TRY IT
Find the lines of the data below that include "apply". Report their number only.

_ _ _

Lemma clog_cexp (z : C) : exists n : Z, clog (cexp z) = (z + twopii * IZR n)%C.
Proof.
  destruct z as [x y]. unfold clog, cexp; cbn [fst snd].
  set (r := exp x). assert (Hr : 0 < r) by apply exp_pos.
  assert (Hmod : Cmod (r * cos y, r * sin y) = r).
  { unfold Cmod; cbn [fst snd].
    replace ((r * cos y) ^ 2 + (r * sin y) ^ 2) with (r²)
      by (pose proof (sin2_cos2 y); unfold Rsqr in *; nra).
    rewrite sqrt_Rsqr_abs, Rabs_right; lra. }
  assert (Hnz : r * cos y <> 0 \/ r * sin y <> 0).
  { pose proof (sin2_cos2 y). unfold Rsqr in *.
    destruct (Req_dec (cos y) 0) as [Hc|Hc]; [right|left]; intro H0;
      destruct (Rmult_integral _ _ H0); nra. }
  destruct (carg_polar _ _ Hnz) as [Hc Hs]. rewrite Hmod in Hc, Hs.
  destruct (cos_sin_eq_2PI (carg (r * cos y, r * sin y)) y) as [n Hn].
  { apply (Rmult_eq_reg_r r); lra. }
  { apply (Rmult_eq_reg_r r); lra. }
  exists n. rewrite Hmod, Hn. unfold r; rewrite ln_exp.
  unfold twopii, Cplus, Cmult, RtoC, Ci; cbn.
  apply injective_projections; cbn; ring.
Qed.

Lemma twopii_neq0 : twopii <> 0%C.
Proof.
  unfold twopii, Cmult, RtoC, Ci; cbn. intro H. injection H as H.
  pose proof PI_RGT_0. lra.
Qed.

Lemma Lhat_shift (z0 z1 : C) (k : Z) :
  Lhat z0 (z1 + twopii * IZR k)%C = (Lhat z0 z1 + PI * Ci * (IZR k * clog (cexp z0)))%C.
Proof.
  unfold Lhat; cbv zeta. pose proof twopii_neq0. field. assumption.
Qed.

Lemma Lhat_shift_mod (z0 z1 : C) (k : Z) : exists n : Z,
  Lhat z0 (z1 + twopii * IZR k)%C
  = (Lhat z0 z1 + PI * Ci * IZR k * z0 + RtoC (2 * PI ^ 2) * IZR n)%C.
Proof.
  destruct (clog_cexp z0) as [n Hn]. exists (- (k * n))%Z.
  rewrite Lhat_shift, Hn, <- Cplus_assoc. f_equal.
  rewrite opp_IZR, mult_IZR.
  unfold twopii, Cplus, Cmult, RtoC, Ci.
  apply injective_projections; cbn; ring.
Qed.

Definition Lhat_alternating (e zN0 zN1 zW0 zW1 zS0 zS1 zE0 zE1 : C) : C :=
  (- (Ci * e) * (Lhat zN0 zN1 - Lhat zW0 zW1 + Lhat zS0 zS1 - Lhat zE0 zE1))%C.

Lemma Lhat_alternating_shift (e zN0 zN1 zW0 zW1 zS0 zS1 zE0 zE1 zN1' zW1' zS1' zE1' : C)
  (k : Z) :
  e = RtoC 1 \/ e = RtoC (-1) ->
  zE0 = (zN0 - zW0 + zS0)%C ->
  zN1' = (zN1 + twopii * IZR k)%C -> zW1' = (zW1 + twopii * IZR k)%C ->
  zS1' = (zS1 + twopii * IZR k)%C -> zE1' = (zE1 + twopii * IZR k)%C ->
  cong_mod two_pi2_i (Lhat_alternating e zN0 zN1' zW0 zW1' zS0 zS1' zE0 zE1')
                     (Lhat_alternating e zN0 zN1 zW0 zW1 zS0 zS1 zE0 zE1).
Proof.
  intros He HzE0 -> -> -> ->.
  destruct (Lhat_shift_mod zN0 zN1 k) as [nN HN].
  destruct (Lhat_shift_mod zW0 zW1 k) as [nW HW].
  destruct (Lhat_shift_mod zS0 zS1 k) as [nS HS].
  destruct (Lhat_shift_mod zE0 zE1 k) as [nE HE].
  set (n := (nN - nW + nS - nE)%Z).
  assert (Hdiff : (Lhat_alternating e zN0 (zN1 + twopii * IZR k) zW0 (zW1 + twopii * IZR k)
                     zS0 (zS1 + twopii * IZR k) zE0 (zE1 + twopii * IZR k)
                   - Lhat_alternating e zN0 zN1 zW0 zW1 zS0 zS1 zE0 zE1)%C
                  = (- (Ci * e) * (RtoC (2 * PI ^ 2) * IZR n))%C).
  { unfold Lhat_alternating, n. rewrite HN, HW, HS, HE, HzE0.
    rewrite ?minus_IZR, ?plus_IZR, ?minus_IZR, ?RtoC_minus, ?RtoC_plus, ?RtoC_minus.
    ring. }
  unfold cong_mod. rewrite Hdiff.
  destruct He as [-> | ->]; [exists (- n)%Z | exists n];
    rewrite ?opp_IZR; unfold two_pi2_i, Cmult, Copp, RtoC, Ci;
    apply injective_projections; cbn; ring.
Qed.

Theorem lemma3p4 (D : diagram) (a b m : seg D -> C)
  (mu : component D -> C) (beta : seg D -> C) (gamma : reg D -> C)
  (kappa kappa' : cross D -> C) (c : cross D) (k : Z) :
  is_shaping D a b m ->
  is_flattening D a b m mu beta gamma kappa ->
  is_flattening D a b m mu beta gamma kappa' ->
  ~ pinched D b c ->
  kappa' c = Cplus (kappa c) (RtoC (IZR k)) ->
  (forall c', c' <> c -> kappa' c' = kappa c') ->
  cong_mod two_pi2_i (crossing_volume D mu beta gamma kappa' c)
                     (crossing_volume D mu beta gamma kappa c).
Proof.
  intros _ _ _ _ Hk _.
  unfold crossing_volume; cbv zeta. rewrite Hk.
  apply (Lhat_alternating_shift _ _ _ _ _ _ _ _ _ _ _ _ _ k); [| ring ..].
  unfold eps. destruct (Defs.positive D c); [left | right]; reflexivity.
Qed.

_ _ _

THE COMPLETED TASK
7